§ **PROBLEM TO WORK ON**:
Return only the lines running from the first line of the listing through the one with "by repeat (apply/andP;", unchanged.

### LISTED RECORDS

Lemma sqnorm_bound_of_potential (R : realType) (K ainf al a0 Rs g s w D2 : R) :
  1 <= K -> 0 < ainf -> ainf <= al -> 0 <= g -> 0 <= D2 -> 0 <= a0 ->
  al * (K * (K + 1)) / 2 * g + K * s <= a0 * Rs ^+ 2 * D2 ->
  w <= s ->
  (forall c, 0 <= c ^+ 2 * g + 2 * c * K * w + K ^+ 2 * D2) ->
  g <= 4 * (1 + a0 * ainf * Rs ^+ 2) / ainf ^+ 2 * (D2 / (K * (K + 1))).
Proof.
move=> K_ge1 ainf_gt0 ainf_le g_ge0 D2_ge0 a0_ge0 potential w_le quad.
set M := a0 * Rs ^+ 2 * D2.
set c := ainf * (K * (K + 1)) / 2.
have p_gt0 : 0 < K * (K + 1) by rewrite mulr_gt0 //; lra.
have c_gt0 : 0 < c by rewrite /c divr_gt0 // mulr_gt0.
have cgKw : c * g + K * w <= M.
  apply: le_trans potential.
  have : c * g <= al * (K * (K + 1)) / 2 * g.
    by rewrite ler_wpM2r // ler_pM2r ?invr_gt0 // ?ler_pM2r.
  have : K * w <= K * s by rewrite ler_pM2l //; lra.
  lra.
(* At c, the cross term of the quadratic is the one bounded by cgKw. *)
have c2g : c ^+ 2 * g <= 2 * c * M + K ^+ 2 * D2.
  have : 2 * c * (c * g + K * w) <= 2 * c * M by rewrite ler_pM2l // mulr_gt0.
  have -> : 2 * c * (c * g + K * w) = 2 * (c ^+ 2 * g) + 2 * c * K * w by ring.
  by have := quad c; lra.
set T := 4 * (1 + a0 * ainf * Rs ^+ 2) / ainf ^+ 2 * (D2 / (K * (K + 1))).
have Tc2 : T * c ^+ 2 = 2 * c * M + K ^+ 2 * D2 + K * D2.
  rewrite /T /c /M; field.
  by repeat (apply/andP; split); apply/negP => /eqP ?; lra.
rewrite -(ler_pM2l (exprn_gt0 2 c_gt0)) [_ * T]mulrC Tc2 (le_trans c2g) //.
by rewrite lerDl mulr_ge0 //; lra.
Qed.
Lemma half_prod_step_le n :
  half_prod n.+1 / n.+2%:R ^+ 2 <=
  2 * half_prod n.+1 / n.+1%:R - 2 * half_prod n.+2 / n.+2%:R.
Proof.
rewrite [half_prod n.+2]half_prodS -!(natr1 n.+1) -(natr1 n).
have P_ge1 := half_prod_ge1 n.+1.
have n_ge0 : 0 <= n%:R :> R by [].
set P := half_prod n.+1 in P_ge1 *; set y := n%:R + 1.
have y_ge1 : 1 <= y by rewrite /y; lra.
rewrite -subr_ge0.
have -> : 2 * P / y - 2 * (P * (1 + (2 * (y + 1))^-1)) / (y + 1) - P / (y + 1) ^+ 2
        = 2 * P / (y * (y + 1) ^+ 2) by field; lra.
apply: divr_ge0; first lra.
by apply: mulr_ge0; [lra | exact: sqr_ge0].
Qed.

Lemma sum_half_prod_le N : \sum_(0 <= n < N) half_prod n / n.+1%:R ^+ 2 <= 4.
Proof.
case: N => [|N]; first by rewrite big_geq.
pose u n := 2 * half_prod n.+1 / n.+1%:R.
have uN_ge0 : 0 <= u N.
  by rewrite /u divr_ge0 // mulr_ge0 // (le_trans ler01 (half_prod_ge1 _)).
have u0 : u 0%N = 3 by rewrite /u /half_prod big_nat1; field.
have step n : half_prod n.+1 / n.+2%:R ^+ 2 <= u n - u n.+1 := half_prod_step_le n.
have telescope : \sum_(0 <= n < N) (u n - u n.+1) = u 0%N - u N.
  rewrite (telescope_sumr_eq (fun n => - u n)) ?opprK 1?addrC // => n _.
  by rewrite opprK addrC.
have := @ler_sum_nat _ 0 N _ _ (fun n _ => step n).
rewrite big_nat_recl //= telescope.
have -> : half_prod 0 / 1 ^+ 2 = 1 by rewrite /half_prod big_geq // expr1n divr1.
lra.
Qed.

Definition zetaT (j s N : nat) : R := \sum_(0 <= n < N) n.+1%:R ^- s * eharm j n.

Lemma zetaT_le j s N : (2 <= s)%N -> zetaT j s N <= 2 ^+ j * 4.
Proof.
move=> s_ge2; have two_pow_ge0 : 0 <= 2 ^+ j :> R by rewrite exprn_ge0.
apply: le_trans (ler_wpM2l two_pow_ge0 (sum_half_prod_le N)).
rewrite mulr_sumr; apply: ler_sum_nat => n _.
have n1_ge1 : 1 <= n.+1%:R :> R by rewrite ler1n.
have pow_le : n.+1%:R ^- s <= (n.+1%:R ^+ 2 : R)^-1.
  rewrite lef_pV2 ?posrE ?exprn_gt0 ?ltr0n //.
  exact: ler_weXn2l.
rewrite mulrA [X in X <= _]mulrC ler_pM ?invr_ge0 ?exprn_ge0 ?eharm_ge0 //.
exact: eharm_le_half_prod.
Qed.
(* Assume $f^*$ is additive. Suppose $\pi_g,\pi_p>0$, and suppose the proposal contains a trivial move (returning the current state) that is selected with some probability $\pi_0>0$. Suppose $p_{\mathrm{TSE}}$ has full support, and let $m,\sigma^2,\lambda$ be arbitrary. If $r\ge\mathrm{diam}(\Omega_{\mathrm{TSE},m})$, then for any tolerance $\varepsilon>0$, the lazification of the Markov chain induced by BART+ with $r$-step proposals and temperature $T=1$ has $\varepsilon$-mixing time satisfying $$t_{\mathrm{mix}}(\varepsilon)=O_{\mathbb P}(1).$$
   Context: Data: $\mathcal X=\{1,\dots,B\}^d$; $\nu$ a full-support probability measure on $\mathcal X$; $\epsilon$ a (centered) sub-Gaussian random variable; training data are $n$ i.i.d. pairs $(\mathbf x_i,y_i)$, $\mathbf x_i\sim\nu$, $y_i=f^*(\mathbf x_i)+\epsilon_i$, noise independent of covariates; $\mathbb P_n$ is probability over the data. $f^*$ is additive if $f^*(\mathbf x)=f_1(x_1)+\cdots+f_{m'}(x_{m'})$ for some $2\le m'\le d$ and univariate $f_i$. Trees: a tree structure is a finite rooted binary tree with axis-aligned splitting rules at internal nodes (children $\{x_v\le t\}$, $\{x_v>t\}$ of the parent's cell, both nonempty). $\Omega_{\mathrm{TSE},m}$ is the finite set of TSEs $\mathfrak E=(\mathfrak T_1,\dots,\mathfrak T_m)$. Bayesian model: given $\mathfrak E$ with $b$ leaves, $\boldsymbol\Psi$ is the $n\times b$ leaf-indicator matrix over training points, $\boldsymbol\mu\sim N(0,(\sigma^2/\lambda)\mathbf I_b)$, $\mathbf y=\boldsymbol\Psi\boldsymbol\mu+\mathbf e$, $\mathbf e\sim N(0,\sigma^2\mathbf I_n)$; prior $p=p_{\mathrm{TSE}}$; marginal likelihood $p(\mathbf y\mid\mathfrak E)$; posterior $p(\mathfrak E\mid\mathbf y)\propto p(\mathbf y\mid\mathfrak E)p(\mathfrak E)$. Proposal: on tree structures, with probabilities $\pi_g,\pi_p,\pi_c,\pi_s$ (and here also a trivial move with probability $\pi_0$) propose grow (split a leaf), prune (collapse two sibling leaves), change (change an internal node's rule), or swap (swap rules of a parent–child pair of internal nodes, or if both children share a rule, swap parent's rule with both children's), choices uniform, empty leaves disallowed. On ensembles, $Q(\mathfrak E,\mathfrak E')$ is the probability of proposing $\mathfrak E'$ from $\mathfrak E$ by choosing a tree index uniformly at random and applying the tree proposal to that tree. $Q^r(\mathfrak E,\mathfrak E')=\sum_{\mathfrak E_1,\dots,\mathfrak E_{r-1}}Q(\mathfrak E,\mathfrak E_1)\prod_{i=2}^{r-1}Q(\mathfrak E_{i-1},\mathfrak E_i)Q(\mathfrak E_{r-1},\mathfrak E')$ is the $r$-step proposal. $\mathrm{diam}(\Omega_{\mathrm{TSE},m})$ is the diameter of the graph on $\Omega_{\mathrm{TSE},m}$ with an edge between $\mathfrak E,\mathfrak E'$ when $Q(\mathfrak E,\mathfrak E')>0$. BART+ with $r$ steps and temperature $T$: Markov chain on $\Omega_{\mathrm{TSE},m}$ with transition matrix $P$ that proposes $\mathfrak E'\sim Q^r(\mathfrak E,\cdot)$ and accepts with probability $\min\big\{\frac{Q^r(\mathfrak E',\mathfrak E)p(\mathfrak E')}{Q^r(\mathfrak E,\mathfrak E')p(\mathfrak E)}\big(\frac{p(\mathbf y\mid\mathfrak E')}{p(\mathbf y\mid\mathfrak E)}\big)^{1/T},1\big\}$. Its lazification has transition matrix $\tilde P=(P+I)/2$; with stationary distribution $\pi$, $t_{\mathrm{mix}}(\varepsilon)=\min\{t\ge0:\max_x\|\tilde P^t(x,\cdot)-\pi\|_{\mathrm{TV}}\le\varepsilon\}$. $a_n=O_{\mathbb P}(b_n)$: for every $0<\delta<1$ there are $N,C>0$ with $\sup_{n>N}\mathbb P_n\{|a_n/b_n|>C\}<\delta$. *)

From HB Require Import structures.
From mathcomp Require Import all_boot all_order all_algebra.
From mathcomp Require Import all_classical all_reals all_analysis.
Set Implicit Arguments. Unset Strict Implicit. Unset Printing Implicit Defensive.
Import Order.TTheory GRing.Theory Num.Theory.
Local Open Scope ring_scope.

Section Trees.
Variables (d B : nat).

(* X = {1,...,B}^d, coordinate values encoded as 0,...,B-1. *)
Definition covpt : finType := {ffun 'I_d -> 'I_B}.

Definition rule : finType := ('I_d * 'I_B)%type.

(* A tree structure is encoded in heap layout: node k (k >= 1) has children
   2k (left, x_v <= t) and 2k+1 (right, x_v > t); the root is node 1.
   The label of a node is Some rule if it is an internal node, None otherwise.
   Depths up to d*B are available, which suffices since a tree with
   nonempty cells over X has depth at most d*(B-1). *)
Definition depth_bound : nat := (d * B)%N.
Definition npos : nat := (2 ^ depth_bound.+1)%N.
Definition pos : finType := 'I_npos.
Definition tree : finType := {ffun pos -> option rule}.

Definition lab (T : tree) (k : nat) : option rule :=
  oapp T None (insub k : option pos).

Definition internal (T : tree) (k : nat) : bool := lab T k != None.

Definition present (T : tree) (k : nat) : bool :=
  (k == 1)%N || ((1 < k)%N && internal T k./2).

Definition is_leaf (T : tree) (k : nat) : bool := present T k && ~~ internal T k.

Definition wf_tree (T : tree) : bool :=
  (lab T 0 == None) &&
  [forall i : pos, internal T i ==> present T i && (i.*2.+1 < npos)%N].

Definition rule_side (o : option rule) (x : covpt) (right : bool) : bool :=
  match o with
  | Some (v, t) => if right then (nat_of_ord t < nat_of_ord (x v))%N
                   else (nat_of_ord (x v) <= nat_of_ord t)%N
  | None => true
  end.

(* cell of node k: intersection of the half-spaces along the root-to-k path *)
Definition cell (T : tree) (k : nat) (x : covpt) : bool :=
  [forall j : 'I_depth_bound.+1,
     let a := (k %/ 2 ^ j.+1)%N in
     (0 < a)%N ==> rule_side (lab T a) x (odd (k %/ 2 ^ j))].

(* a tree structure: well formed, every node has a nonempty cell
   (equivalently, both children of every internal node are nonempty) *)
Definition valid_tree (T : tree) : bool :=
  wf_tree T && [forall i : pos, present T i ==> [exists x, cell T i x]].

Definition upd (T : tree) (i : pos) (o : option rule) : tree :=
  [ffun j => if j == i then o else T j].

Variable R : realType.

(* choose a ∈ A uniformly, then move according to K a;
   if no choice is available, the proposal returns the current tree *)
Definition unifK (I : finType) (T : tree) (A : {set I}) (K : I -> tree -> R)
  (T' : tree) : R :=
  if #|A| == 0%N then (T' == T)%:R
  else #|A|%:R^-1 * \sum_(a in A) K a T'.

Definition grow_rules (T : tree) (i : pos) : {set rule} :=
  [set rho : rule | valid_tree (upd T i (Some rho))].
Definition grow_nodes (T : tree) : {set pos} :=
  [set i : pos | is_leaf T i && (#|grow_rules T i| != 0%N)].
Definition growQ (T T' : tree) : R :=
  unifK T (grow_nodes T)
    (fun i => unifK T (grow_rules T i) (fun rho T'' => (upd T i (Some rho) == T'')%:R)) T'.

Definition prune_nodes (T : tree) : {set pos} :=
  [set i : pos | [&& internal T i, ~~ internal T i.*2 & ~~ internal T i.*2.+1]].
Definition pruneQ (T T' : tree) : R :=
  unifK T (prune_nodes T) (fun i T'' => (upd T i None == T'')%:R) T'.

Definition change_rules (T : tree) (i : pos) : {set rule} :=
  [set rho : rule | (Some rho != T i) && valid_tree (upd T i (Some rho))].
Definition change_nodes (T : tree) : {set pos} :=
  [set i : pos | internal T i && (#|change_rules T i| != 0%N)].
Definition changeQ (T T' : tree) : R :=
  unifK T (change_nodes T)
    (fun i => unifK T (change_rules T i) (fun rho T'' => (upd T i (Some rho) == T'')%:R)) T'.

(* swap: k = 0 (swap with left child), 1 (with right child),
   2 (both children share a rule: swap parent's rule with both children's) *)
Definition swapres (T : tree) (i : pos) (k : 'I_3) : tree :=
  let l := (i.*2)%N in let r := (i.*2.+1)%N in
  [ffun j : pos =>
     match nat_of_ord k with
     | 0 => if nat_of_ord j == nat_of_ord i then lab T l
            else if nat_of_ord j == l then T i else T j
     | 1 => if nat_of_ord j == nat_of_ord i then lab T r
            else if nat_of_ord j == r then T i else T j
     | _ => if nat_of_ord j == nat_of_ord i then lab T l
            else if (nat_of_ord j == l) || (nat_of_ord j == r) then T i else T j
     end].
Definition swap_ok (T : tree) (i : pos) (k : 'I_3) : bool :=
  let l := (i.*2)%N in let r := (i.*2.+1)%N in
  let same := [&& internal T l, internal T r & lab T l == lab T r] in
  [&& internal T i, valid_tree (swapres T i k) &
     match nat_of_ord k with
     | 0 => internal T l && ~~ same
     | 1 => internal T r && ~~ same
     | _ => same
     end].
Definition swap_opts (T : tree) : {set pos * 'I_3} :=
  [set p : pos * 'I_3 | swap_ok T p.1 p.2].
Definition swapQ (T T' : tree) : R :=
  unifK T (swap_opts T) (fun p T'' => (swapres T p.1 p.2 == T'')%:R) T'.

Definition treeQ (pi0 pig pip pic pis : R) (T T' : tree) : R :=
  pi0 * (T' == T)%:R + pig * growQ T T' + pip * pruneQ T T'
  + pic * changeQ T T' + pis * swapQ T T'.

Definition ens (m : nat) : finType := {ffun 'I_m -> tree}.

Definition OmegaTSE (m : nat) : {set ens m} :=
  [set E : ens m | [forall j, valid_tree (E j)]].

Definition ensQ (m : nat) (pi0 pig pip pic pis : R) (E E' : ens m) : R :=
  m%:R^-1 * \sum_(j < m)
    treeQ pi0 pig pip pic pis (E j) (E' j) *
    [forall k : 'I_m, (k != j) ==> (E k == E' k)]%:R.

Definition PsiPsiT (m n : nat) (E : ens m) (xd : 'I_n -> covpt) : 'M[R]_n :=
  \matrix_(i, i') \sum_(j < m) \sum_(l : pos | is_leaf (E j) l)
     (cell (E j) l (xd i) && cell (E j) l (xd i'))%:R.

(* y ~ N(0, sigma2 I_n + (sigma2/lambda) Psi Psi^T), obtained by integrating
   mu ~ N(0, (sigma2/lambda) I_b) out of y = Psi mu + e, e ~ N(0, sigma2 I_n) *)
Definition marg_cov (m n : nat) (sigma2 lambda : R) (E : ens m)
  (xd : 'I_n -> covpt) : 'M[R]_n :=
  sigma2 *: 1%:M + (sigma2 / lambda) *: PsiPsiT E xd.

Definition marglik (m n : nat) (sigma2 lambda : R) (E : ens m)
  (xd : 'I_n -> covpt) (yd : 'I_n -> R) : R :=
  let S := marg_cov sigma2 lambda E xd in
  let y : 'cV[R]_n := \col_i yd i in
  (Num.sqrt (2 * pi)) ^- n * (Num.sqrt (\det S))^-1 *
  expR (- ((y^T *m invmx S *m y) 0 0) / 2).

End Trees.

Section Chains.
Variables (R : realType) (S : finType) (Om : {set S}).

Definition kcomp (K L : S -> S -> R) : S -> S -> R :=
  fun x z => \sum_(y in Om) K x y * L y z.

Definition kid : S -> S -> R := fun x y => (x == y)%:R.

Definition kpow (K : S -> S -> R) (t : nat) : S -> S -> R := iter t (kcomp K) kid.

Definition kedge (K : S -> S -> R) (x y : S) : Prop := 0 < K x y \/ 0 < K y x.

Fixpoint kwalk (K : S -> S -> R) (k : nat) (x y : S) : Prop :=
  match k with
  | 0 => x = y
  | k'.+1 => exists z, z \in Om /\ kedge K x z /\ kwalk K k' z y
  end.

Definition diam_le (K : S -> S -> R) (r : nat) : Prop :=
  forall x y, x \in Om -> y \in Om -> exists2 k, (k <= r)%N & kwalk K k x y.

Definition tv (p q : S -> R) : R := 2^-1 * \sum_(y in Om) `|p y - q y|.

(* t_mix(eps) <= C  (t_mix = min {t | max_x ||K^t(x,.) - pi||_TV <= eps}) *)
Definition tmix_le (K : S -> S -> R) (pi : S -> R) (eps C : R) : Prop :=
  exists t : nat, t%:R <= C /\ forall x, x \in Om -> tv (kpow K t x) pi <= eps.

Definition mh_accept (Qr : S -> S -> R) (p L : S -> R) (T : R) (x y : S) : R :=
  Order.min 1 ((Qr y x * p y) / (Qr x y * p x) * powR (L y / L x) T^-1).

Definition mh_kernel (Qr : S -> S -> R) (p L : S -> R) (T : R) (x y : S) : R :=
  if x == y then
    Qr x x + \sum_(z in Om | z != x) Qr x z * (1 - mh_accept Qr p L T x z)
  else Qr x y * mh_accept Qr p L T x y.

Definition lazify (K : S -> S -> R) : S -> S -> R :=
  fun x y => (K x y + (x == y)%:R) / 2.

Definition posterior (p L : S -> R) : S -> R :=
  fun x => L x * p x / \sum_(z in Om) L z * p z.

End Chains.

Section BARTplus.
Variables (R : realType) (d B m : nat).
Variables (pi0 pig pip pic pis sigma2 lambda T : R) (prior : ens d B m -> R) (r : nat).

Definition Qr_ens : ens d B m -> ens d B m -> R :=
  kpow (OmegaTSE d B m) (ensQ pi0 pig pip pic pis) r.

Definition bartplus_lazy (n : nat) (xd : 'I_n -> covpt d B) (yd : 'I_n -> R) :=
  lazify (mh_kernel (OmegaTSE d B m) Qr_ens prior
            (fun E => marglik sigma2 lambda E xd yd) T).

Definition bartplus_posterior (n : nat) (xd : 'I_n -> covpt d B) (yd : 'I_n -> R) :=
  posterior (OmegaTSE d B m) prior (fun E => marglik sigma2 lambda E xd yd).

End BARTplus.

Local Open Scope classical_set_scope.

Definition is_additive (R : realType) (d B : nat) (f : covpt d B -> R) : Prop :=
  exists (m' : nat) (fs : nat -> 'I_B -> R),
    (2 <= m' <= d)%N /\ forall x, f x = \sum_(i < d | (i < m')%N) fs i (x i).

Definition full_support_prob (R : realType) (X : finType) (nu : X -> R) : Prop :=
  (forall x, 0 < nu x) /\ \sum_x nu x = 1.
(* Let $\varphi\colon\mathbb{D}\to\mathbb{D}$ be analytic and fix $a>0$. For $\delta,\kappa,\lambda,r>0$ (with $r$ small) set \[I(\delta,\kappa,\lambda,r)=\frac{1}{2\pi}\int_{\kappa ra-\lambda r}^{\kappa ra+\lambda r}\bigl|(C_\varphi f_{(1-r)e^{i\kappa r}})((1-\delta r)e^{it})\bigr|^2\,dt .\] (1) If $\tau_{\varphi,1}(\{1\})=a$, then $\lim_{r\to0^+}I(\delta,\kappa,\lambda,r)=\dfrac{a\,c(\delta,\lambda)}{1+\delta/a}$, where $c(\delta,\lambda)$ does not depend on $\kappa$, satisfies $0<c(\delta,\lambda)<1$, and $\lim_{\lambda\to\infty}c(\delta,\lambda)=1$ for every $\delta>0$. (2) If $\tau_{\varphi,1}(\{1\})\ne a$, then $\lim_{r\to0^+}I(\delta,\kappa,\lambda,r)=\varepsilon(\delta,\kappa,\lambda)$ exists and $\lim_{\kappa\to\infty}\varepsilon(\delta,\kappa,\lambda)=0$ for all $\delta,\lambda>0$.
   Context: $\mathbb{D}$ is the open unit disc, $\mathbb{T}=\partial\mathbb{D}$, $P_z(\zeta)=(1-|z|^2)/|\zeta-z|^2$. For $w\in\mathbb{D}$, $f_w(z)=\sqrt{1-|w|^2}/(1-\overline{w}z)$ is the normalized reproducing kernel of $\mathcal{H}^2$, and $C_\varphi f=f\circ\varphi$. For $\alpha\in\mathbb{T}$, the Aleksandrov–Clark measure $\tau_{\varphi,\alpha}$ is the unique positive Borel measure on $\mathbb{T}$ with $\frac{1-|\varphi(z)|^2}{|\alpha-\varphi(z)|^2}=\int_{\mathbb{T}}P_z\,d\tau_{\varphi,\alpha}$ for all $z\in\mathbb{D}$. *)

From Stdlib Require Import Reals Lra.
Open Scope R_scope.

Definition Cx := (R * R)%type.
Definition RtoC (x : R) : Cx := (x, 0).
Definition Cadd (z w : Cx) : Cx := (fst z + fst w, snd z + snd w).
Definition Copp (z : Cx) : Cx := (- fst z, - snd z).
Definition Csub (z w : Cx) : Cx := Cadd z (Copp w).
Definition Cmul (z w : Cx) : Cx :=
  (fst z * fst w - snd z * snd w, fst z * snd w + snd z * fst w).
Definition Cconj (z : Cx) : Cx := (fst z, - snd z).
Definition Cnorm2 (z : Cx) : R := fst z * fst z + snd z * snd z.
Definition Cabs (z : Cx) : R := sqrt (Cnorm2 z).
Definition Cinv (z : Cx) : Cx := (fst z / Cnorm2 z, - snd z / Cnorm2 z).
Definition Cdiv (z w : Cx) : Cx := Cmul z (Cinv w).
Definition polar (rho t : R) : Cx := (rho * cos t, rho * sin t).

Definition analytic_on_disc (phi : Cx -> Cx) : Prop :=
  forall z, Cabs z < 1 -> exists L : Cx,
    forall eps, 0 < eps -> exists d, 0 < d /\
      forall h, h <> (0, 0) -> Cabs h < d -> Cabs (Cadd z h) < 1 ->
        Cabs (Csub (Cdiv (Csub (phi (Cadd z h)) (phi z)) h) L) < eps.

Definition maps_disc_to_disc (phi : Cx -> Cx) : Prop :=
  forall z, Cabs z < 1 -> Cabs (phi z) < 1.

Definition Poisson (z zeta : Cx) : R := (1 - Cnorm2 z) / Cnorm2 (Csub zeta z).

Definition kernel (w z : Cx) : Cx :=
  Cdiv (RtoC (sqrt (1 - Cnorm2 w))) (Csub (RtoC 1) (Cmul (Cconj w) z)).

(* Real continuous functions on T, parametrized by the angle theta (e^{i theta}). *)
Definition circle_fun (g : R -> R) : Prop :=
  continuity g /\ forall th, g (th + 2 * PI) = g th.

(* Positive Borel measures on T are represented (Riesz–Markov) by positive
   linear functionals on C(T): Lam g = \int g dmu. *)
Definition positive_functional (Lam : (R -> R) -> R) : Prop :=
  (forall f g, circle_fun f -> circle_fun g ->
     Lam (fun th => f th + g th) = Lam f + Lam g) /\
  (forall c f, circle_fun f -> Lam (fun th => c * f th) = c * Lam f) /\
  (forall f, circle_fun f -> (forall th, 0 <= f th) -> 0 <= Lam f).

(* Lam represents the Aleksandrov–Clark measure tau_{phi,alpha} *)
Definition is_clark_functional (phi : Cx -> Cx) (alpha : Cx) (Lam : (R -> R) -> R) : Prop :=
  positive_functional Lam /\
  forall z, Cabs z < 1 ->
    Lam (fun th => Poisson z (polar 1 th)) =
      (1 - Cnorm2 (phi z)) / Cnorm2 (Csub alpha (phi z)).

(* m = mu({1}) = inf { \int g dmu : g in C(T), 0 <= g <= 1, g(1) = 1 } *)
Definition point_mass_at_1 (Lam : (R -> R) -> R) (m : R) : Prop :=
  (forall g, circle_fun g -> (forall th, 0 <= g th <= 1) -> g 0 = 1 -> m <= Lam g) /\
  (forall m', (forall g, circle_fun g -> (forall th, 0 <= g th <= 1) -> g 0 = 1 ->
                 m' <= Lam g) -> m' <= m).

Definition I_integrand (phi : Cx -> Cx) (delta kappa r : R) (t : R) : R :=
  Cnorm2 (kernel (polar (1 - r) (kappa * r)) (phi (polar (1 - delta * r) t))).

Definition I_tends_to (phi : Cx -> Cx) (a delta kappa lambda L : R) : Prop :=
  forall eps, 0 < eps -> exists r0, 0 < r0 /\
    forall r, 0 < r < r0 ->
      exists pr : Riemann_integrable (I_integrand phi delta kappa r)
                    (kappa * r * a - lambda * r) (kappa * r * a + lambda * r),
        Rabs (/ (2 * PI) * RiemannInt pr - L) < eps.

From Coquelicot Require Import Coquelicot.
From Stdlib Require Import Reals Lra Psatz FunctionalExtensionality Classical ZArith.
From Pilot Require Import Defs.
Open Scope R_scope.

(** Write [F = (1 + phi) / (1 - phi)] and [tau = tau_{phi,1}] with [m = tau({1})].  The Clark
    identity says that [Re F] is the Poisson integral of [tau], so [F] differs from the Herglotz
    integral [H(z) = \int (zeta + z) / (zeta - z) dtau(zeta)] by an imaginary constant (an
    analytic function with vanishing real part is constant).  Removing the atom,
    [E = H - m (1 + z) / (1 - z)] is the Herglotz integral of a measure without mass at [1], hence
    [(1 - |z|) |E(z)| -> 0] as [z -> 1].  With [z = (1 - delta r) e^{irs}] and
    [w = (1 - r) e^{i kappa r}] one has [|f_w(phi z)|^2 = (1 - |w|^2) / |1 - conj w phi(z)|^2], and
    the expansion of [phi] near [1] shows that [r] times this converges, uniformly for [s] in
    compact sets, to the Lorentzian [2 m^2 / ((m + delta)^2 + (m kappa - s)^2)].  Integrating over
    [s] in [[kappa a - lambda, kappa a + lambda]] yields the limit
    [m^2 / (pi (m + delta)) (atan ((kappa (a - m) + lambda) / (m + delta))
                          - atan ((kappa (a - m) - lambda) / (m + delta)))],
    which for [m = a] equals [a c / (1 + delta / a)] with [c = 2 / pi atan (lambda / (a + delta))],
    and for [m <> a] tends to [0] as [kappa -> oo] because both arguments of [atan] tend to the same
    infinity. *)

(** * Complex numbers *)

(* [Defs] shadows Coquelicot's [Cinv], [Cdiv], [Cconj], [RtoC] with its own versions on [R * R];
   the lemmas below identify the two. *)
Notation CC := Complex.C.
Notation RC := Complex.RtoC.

######

§ **EXERCISE RESPONSE**:
Lemma sqnorm_bound_of_potential (R : realType) (K ainf al a0 Rs g s w D2 : R) :
  1 <= K -> 0 < ainf -> ainf <= al -> 0 <= g -> 0 <= D2 -> 0 <= a0 ->
  al * (K * (K + 1)) / 2 * g + K * s <= a0 * Rs ^+ 2 * D2 ->
  w <= s ->
  (forall c, 0 <= c ^+ 2 * g + 2 * c * K * w + K ^+ 2 * D2) ->
  g <= 4 * (1 + a0 * ainf * Rs ^+ 2) / ainf ^+ 2 * (D2 / (K * (K + 1))).
Proof.
move=> K_ge1 ainf_gt0 ainf_le g_ge0 D2_ge0 a0_ge0 potential w_le quad.
set M := a0 * Rs ^+ 2 * D2.
set c := ainf * (K * (K + 1)) / 2.
have p_gt0 : 0 < K * (K + 1) by rewrite mulr_gt0 //; lra.
have c_gt0 : 0 < c by rewrite /c divr_gt0 // mulr_gt0.
have cgKw : c * g + K * w <= M.
  apply: le_trans potential.
  have : c * g <= al * (K * (K + 1)) / 2 * g.
    by rewrite ler_wpM2r // ler_pM2r ?invr_gt0 // ?ler_pM2r.
  have : K * w <= K * s by rewrite ler_pM2l //; lra.
  lra.
(* At c, the cross term of the quadratic is the one bounded by cgKw. *)
have c2g : c ^+ 2 * g <= 2 * c * M + K ^+ 2 * D2.
  have : 2 * c * (c * g + K * w) <= 2 * c * M by rewrite ler_pM2l // mulr_gt0.
  have -> : 2 * c * (c * g + K * w) = 2 * (c ^+ 2 * g) + 2 * c * K * w by ring.
  by have := quad c; lra.
set T := 4 * (1 + a0 * ainf * Rs ^+ 2) / ainf ^+ 2 * (D2 / (K * (K + 1))).
have Tc2 : T * c ^+ 2 = 2 * c * M + K ^+ 2 * D2 + K * D2.
  rewrite /T /c /M; field.
  by repeat (apply/andP; split); apply/negP => /eqP ?; lra.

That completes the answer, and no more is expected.